技術に難、でも走力生かした前線からのハイプレスに活路
それでも、前田はW杯の大舞台に立ち、ゴールという結果を残すところまで上り詰めた。彼のサッカー人生を振り返れば、その事実だけでもミラクルだ。
大阪府東大阪市からプロを目指して高校サッカーの名門・山梨学院大学付属高校に進んだ高校1年生の冬、前田は大きな挫折を経験する。校内がピリピリしていた時期に、彼がいじられキャラの同級生を冗談半分にからかったことが問題視され、長期間の部活謹慎処分を受けることになったのである。
「一般生徒と同じ扱いなので、学校には来ていました。
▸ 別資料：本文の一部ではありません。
(* Let $T(x)=\int_{\mathbb R}e^{-\sqrt2|x-y|}\mathrm{sech}^2(y)\,dy$, and for integers $k\ge1$ let $p_k=\int_{\mathbb R}\mathrm{sech}^k(x)\cos(x)\,dx$, $r_k=\int_{\mathbb R}\mathrm{sech}^k(x)T(x)\cos(x)\,dx$, $s_k=\int_{\mathbb R}\mathrm{sech}^k(x)T(x)\tanh(x)\sin(x)\,dx$. Then \begin{align*} r_3&=-r_1+s_1+\sqrt2\,p_1,\\ s_3&=\tfrac13s_1-r_1+\tfrac79\sqrt2\,p_1,\\ r_5&=-r_1+\tfrac23s_1+\tfrac{37}{36}\sqrt2\,p_1,\\ s_5&=-\tfrac25r_1+\tfrac1{15}s_1+\tfrac{13}{36}\sqrt2\,p_1,\\ r_7&=-\tfrac{13}{15}r_1+\tfrac{23}{45}s_1+\tfrac{83\sqrt2}{90}p_1 . \end{align*} *)

From Stdlib Require Import Reals.
From Coquelicot Require Import Coquelicot.
Open Scope R_scope.

Definition sech (x : R) : R := / cosh x.

Definition int_R (f : R -> R) : R :=
  RInt_gen f (Rbar_locally m_infty) (Rbar_locally p_infty).

Definition T (x : R) : R :=
  int_R (fun y => exp (- sqrt 2 * Rabs (x - y)) * (sech y) ^ 2).

Definition p_ (k : nat) : R := int_R (fun x => (sech x) ^ k * cos x).
Definition r_ (k : nat) : R := int_R (fun x => (sech x) ^ k * T x * cos x).
Definition s_ (k : nat) : R := int_R (fun x => (sech x) ^ k * T x * tanh x * sin x).

From Stdlib Require Import Reals Lra Lia FunctionalExtensionality.
From Coquelicot Require Import Coquelicot.
Open Scope R_scope.

(* T is the convolution of sech^2 with exp(-sqrt 2 |x|), a multiple of the Green's function
   of 2 - d^2/dx^2, so T and T' are bounded and T'' = 2 T - 2 sqrt 2 sech^2.  Every integrand
   is sech^k (k >= 1) times a bounded continuous function, hence integrable, and integrating by
   parts against sech^k or sech^k tanh leaves no boundary terms.  Using
   (sech^k)' = -k sech^k tanh, tanh' = sech^2 and tanh^2 = 1 - sech^2, the choices h = sin, cos
   give p_k = k q_k and (k+1) p_(k+2) = k p_k + q_k, where q_k = int sech^k tanh sin, while
   h = T sin, T cos, T' cos, T' sin give four relations from which the moments of T' can be
   eliminated.  What remains are recurrences for r_(k+2) and s_(k+2), run from k = 1. *)

Lemma continuous_of_ex_derive (f : R -> R) x : ex_derive f x -> continuous f x.
Proof. apply (ex_derive_continuous (K := R_AbsRing) (V := R_NormedModule)). Qed.

Lemma continuous_Rmult (f g : R -> R) x :
  continuous f x -> continuous g x -> continuous (fun y => f y * g y) x.
Proof. apply (continuous_mult (K := R_AbsRing)). Qed.

Lemma is_derive_Rmult (f g : R -> R) x df dg l :
  is_derive f x df -> is_derive g x dg -> df * g x + f x * dg = l ->
  is_derive (fun y => f y * g y) x l.
Proof.
  intros f_deriv g_deriv <-.
  apply (is_derive_mult (K := R_AbsRing)); [exact f_deriv | exact g_deriv | apply Rmult_comm].
Qed.

Lemma is_derive_sub_const (f : R -> R) x df c :
  is_derive f x df -> is_derive (fun y => f y - c) x df.
Proof.
  intros f_deriv; rewrite <- (Rminus_0_r df).
  apply (is_derive_minus (V := R_NormedModule));
    [exact f_deriv | apply (is_derive_const (K := R_AbsRing) (V := R_NormedModule))].
Qed.

Lemma is_lim_exp_opp_p : is_lim (fun x => exp (- x)) p_infty 0.
Proof.
  apply (is_lim_comp exp (fun x => - x) p_infty 0 m_infty).
  - exact is_lim_exp_m.
  - apply (is_lim_opp (fun x => x) p_infty p_infty), is_lim_id.
  - now apply filter_forall.
Qed.

Lemma is_lim_scal_0 (f : R -> R) (s : Rbar) c :
  is_lim f s 0 -> is_lim (fun x => c * f x) s 0.
Proof.
  intros f_lim; replace (Finite 0) with (Rbar_mult c 0) by (simpl; f_equal; ring).
  apply is_lim_scal_l, f_lim.
Qed.

Lemma is_derive_exp_scal b x : is_derive (fun y => exp (b * y)) x (b * exp (b * x)).
Proof. auto_derive; [exact I | ring]. Qed.

Lemma exp_scal_opp_mul b x : exp (- b * x) * exp (b * x) = 1.
Proof. rewrite <- exp_plus, <- exp_0; f_equal; ring. Qed.

Lemma is_lim_exp_scal_m a : 0 < a -> is_lim (fun y => exp (a * y)) m_infty 0.
Proof.
  intros a_pos; apply (is_lim_comp exp (fun y => a * y) m_infty 0 m_infty).
  - exact is_lim_exp_m.
  - replace m_infty with (Rbar_mult a m_infty) at 2.
    + apply is_lim_scal_l, is_lim_id.
    + simpl; destruct (Rle_dec 0 a) as [a_ge0 | a_lt0];
        [destruct (Rle_lt_or_eq_dec 0 a a_ge0)|]; [reflexivity | lra | lra].
  - now apply filter_forall.
Qed.

Lemma is_lim_exp_scal_p a : 0 < a -> is_lim (fun y => exp (- a * y)) p_infty 0.
Proof.
  intros a_pos; apply (is_lim_ext (fun y => exp (a * - y))); [intros; f_equal; ring|].
  apply (is_lim_comp (fun y => exp (a * y)) (fun y => - y) p_infty 0 m_infty).
  - now apply is_lim_exp_scal_m.
  - apply (is_lim_opp (fun y => y) p_infty p_infty), is_lim_id.
  - now apply filter_forall.
Qed.

Lemma filterlim_comp_continuous {F : (R -> Prop) -> Prop} {FF : Filter F} (h phi : R -> R) L :
  filterlim h F (locally L) -> continuous phi L ->
  filterlim (fun y => phi (h y)) F (locally (phi L)).
Proof. intros h_lim phi_cont; exact (filterlim_comp _ _ _ _ _ _ _ _ h_lim phi_cont). Qed.
(* Let $N>p\geq1$ and let $\mathbf{U}\in\mathbb{R}^{N\times p}$ with $\mathbf{U}^T\mathbf{U}=\mathbf{I}_p$ be drawn from the Bingham distribution with $N\times N$ symmetric parameter matrix $\mathbf{A}$, i.e. with density (with respect to the normalized uniform measure on $\{\mathbf{U}:\mathbf{U}^T\mathbf{U}=\mathbf{I}_p\}$) $p_B(\mathbf{U})=\exp(-\kappa_B(\mathbf{A}))\,\mathrm{etr}(\mathbf{U}^T\mathbf{A}\mathbf{U})$, where $\kappa_B(\mathbf{A})=\ln{}_1F_1(\tfrac{p}{2};\tfrac{N}{2};\mathbf{A})$. Let $\mathbf{A}=\mathbf{U}_a\boldsymbol{\Lambda}_a\mathbf{U}_a^T$ be an eigenvalue decomposition of $\mathbf{A}$ with $\mathbf{U}_a$ orthogonal and $\boldsymbol{\Lambda}_a=\mathrm{diag}(\lambda_a(1),\dots,\lambda_a(N))$, $\lambda_a(1)\geq\dots\geq\lambda_a(N)$. Define $\mathbf{M}=\int\mathbf{U}\mathbf{U}^Tp_B(\mathbf{U})\,d\mathbf{U}$. Then the eigenvalue decomposition of $\mathbf{M}$ is $\mathbf{M}=\exp(-\kappa_B(\mathbf{A}))\,\mathbf{U}_a\boldsymbol{\Gamma}\mathbf{U}_a^T$, where $\boldsymbol{\Gamma}=\mathrm{diag}(\gamma_1,\dots,\gamma_N)$ with $\gamma_k=\frac{\partial \exp(\kappa_B(\boldsymbol{\Lambda}_a))}{\partial\lambda_a(k)}$ (that is, $\boldsymbol{\Gamma}=\partial\exp(\kappa_B(\mathbf{A}))/\partial\boldsymbol{\Lambda}_a$, using $\kappa_B(\mathbf{A})=\kappa_B(\boldsymbol{\Lambda}_a)$), and $\gamma_1\geq\gamma_2\geq\dots\geq\gamma_N$.
   Context: $\mathrm{etr}(\mathbf{X})=\exp(\mathrm{Tr}(\mathbf{X}))$. ${}_1F_1(a;b;\mathbf{X})$ is the confluent hypergeometric function of matrix argument, which here is the normalizing constant: ${}_1F_1(\tfrac p2;\tfrac N2;\mathbf{A})=\int\mathrm{etr}(\mathbf{U}^T\mathbf{A}\mathbf{U})\,d\mathbf{U}$ with respect to the normalized uniform measure; it depends on $\mathbf{A}$ only through its eigenvalues. *)

From HB Require Import structures.
From mathcomp Require Import all_boot all_order all_algebra.
From mathcomp Require Import all_classical all_reals all_analysis.
Set Implicit Arguments. Unset Strict Implicit. Unset Printing Implicit Defensive.
Import Order.TTheory GRing.Theory Num.Theory.
Import numFieldNormedType.Exports.
Local Open Scope classical_set_scope.
Local Open Scope ring_scope.

Section Bingham.
Variables (R : realType) (N p : nat).

(* sigma-algebra on N x p real matrices generated by the entry maps
   (= Borel sigma-algebra of R^{N x p}) *)
Definition entry_sets : set (set 'M[R]_(N, p)) :=
  [set X | exists (i : 'I_N) (j : 'I_p) (B : set R),
      measurable B /\ X = (fun M : 'M[R]_(N, p) => M i j) @^-1` B].

Definition mxMeas := g_sigma_algebraType entry_sets.

Definition stiefel : set mxMeas := [set U : 'M[R]_(N, p) | U^T *m U = 1%:M].

(* mu is the normalized uniform measure on the Stiefel manifold:
   a probability measure carried by the Stiefel manifold and invariant under
   left multiplication by orthogonal matrices (unique by compactness and
   transitivity of the O(N) action). *)
Definition uniform_stiefel (mu : probability mxMeas R) : Prop :=
  mu stiefel = 1%E /\
  forall Q : 'M[R]_N, Q^T *m Q = 1%:M ->
    forall X : set mxMeas, measurable X ->
      mu ((fun U : mxMeas => (Q *m U : mxMeas)) @^-1` X) = mu X.

Definition etr (m : nat) (X : 'M[R]_m) : R := expR (\tr X).

(* 1F1(p/2; N/2; A) = \int etr(U^T A U) dU *)
Definition hyp1F1 (mu : probability mxMeas R) (A : 'M[R]_N) : R :=
  \int[mu]_(U in [set: mxMeas]) etr (U^T *m A *m (U : 'M[R]_(N, p))).

Definition kappaB (mu : probability mxMeas R) (A : 'M[R]_N) : R :=
  ln (hyp1F1 mu A).

Definition binghamDensity (mu : probability mxMeas R) (A : 'M[R]_N)
    (U : mxMeas) : R :=
  expR (- kappaB mu A) * etr (U^T *m A *m (U : 'M[R]_(N, p))).

Definition binghamSecondMoment (mu : probability mxMeas R) (A : 'M[R]_N)
    : 'M[R]_N :=
  \matrix_(i, j) \int[mu]_(U in [set: mxMeas])
      (((U : 'M[R]_(N, p)) *m U^T) i j * binghamDensity mu A U).

Definition rowset (lam : 'rV[R]_N) (k : 'I_N) (t : R) : 'rV[R]_N :=
  \row_i (if i == k then t else lam 0 i).

(* t |-> exp(kappa_B(diag(lam_1, .., t, .., lam_N))) ; its derivative at
   t = lam_k is the partial derivative d exp(kappa_B(Lambda_a)) / d lam_a(k) *)
Definition expkappa_k (mu : probability mxMeas R) (lam : 'rV[R]_N) (k : 'I_N)
    (t : R) : R :=
  expR (kappaB mu (diag_mx (rowset lam k t))).

Definition gammaB (mu : probability mxMeas R) (lam : 'rV[R]_N) : 'rV[R]_N :=
  \row_k derive1 (expkappa_k mu lam k) (lam 0 k).

End Bingham.

From HB Require Import structures.
From mathcomp Require Import all_boot all_order all_algebra.
From mathcomp Require Import all_classical all_reals all_analysis.
From mathcomp Require Import ring lra perm.
Set Implicit Arguments. Unset Strict Implicit. Unset Printing Implicit Defensive.
Import Order.TTheory GRing.Theory Num.Theory.
Import numFieldNormedType.Exports.
Local Open Scope classical_set_scope.
Local Open Scope ring_scope.

(* Since the uniform measure on the Stiefel manifold
   is invariant under U |-> Q U for orthogonal Q, the substitution U = Ua V turns
   the second moment of the Bingham law of A into exp(-kappa_B(A)) Ua G Ua^T,
   where G_kl = int (V V^T)_kl etr(V^T Lambda V) dV.
   - Flipping the sign of row k of V preserves the measure and etr(V^T Lambda V)
     but negates (V V^T)_kl for l <> k, so G is diagonal.
   - G_kk is the derivative in lambda_k of int etr(V^T Lambda V) dV
     = exp kappa_B(Lambda): the difference quotient is controlled by
     |e^x - 1 - x| <= 2 x^2 for |x| <= 1/2, since 0 <= (V V^T)_kk <= 1 on the
     manifold.
   - Exchanging rows i and j of V gives
     2 (G_ii - G_jj) =
       int ((V V^T)_ii - (V V^T)_jj) (etr(V^T Lambda V) - etr(V^T Lambda' V)) dV,
     where Lambda' swaps lambda_i and lambda_j; both factors have the sign of
     lambda_i - lambda_j, hence G_ii >= G_jj when lambda_i >= lambda_j. *)

Lemma derivable_derive1_quotient_bound (R : realType) (f : R -> R) (a g d C : R) :
  0 < d -> 0 <= C ->
  (forall h, h != 0 -> `|h| <= d -> `|h^-1 * (f (h + a) - f a) - g| <= C * `|h|) ->
  derivable f a 1 /\ derive1 f a = g.
Proof.
move=> d0 C0 hb.
have cvg_quot : (fun h => h^-1 *: (f (h + a) - f a)) @ 0^' --> g.
  apply/cvgrPdist_le => e e0.
  have de0 : 0 < Num.min d (e / (C + 1)) by rewrite lt_min d0 divr_gt0 // ltr_wpDl.
  near=> h.
  have hn0 : h != 0 by near: h; exact: nbhs_dnbhs_neq.
  have : `|h| <= Num.min d (e / (C + 1)) by near: h; exact: dnbhs0_le.
  rewrite le_min => /andP[hd he].
  rewrite distrC; apply: le_trans (hb h hn0 hd) _.
  apply: le_trans (ler_wpM2l C0 he) _.
  rewrite mulrA ler_pdivrMr ?ltr_wpDl //; nra.
have quotE : (fun h => h^-1 *: ((f \o shift a) (h *: 1) - f a)) =
             (fun h => h^-1 *: (f (h + a) - f a)).
  by apply: funext => h /=; rewrite /shift [h%:A]mulr1.
split; first by rewrite /derivable quotE; apply/cvg_ex; exists g.
by rewrite /derive1; exact: cvg_lim.
Unshelve. all: by end_near.
Qed.

Lemma mulmx_conj_entry (R : comRingType) (n : nat) (Q X : 'M[R]_n) i j :
  (Q *m X *m Q^T) i j = \sum_l \sum_k Q i l * Q j k * X l k.
Proof.
rewrite mxE exchange_big /=; apply: eq_bigr => k _.
by rewrite mxE big_distrl /=; apply: eq_bigr => l _; rewrite !mxE; ring.
Qed.

Lemma expR_sub1_taylor_bound (R : realType) (x : R) :
  `|x| <= 2^-1 -> 0 <= expR x - 1 - x <= 2 * x ^+ 2.
Proof.
move=> hx; have l1 := expR_ge1Dx x; have l2 := expR_ge1Dx (- x).
have m := expRxMexpNx_1 x; have p1 := expR_gt0 x.
move: hx; rewrite ler_norml => /andP[hx1 hx2].
apply/andP; split; first lra.
set e := expR x in l1 m p1 *; set e' := expR (- x) in l2 m *.
nra.
Qed.

Lemma expR_sub_mul_ge0 (R : realType) (c x s s' : R) :
  0 <= c -> s - s' = c * x -> 0 <= x * (expR s - expR s').
Proof.
move=> c0 ss'; have [x0|x0] := lerP 0 x.
  have : s' <= s by rewrite -subr_ge0 ss' mulr_ge0.
  by rewrite -ler_expR -subr_ge0 => /(mulr_ge0 x0).
have : s <= s' by rewrite -subr_le0 ss' mulr_ge0_le0 // ltW.
by rewrite -ler_expR -subr_le0 => /(mulr_le0 (ltW x0)).
Qed.

Import measurable_realfun.

Section StiefelBounded.
Variables (R : realType) (N p : nat).
Local Notation T := (mxMeas R N p).
Local Notation S := (@stiefel R N p).

Definition stiefel_bounded (f : T -> R) :=
  measurable_fun setT f /\ exists M : R, forall U, S U -> `|f U| <= M.

Lemma measurable_entry (i : 'I_N) (j : 'I_p) :
  measurable_fun setT (fun U : T => (U : 'M[R]_(N, p)) i j).
Proof.
move=> _ B mB; rewrite setTI.
by apply: sub_sigma_algebra; exists i, j, B.
Qed.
社会性を身に着けさせることが必要だと考え、パン屋さんの奉仕活動を勧め、朝5時から店に行って掃除やパン作りの手伝いを経験させました。さらに日川クラブという社会人チームを紹介して練習に行かせたところ、学校での様子や態度が目に見えて変化した。約1年後には部員みんなで話し合って、彼を再び迎え入れることになったのです」と当時の吉永一明監督(現アルビレックス新潟シンガポール監督)は経緯を説明する。
空白の1年を経て、そこから試合に出るようになり、16年に当時J2だった松本山雅入り。プロキャリアをスタートさせた。だが、「爆発的なスピードは魅力だが、技術的には難がある」という評価で、プロ1年目はコンスタントに試合に出られなかった。本人はプロの壁にぶつかった格好だが、指揮を執っていた反町康治監督(現日本サッカー協会技術委員長)が前線からのハイプレスを求めたことで、守備力が飛躍的に向上。それが今の武器につながったのだ。
「もともと走れるということはありましたけど、チームのために走るっていうのは高校とプロ1年目に築き上げたもの。特別なトレーニングはしてないですね」と本人も話したが、自身の確固たる土台を築き上げたことで、森保一監督率いる東京五輪代表候補入りを果たした。19年コパアメリカ(南米選手権)にも参戦し、直後のポルトガル1部・マリティモへの移籍にもつながった。
大西洋のマデイラ諸島に本拠を置くクラブ、マリティモ時代の前田は瞬く間にレギュラーに定着。コンスタントに試合に出た。「あんなに前線からボールを追いかけるFWは見たことがない」とポルトガルのメディア関係者も驚嘆の声を上げていたが、監督やコーチも同じ感想だったことだろう。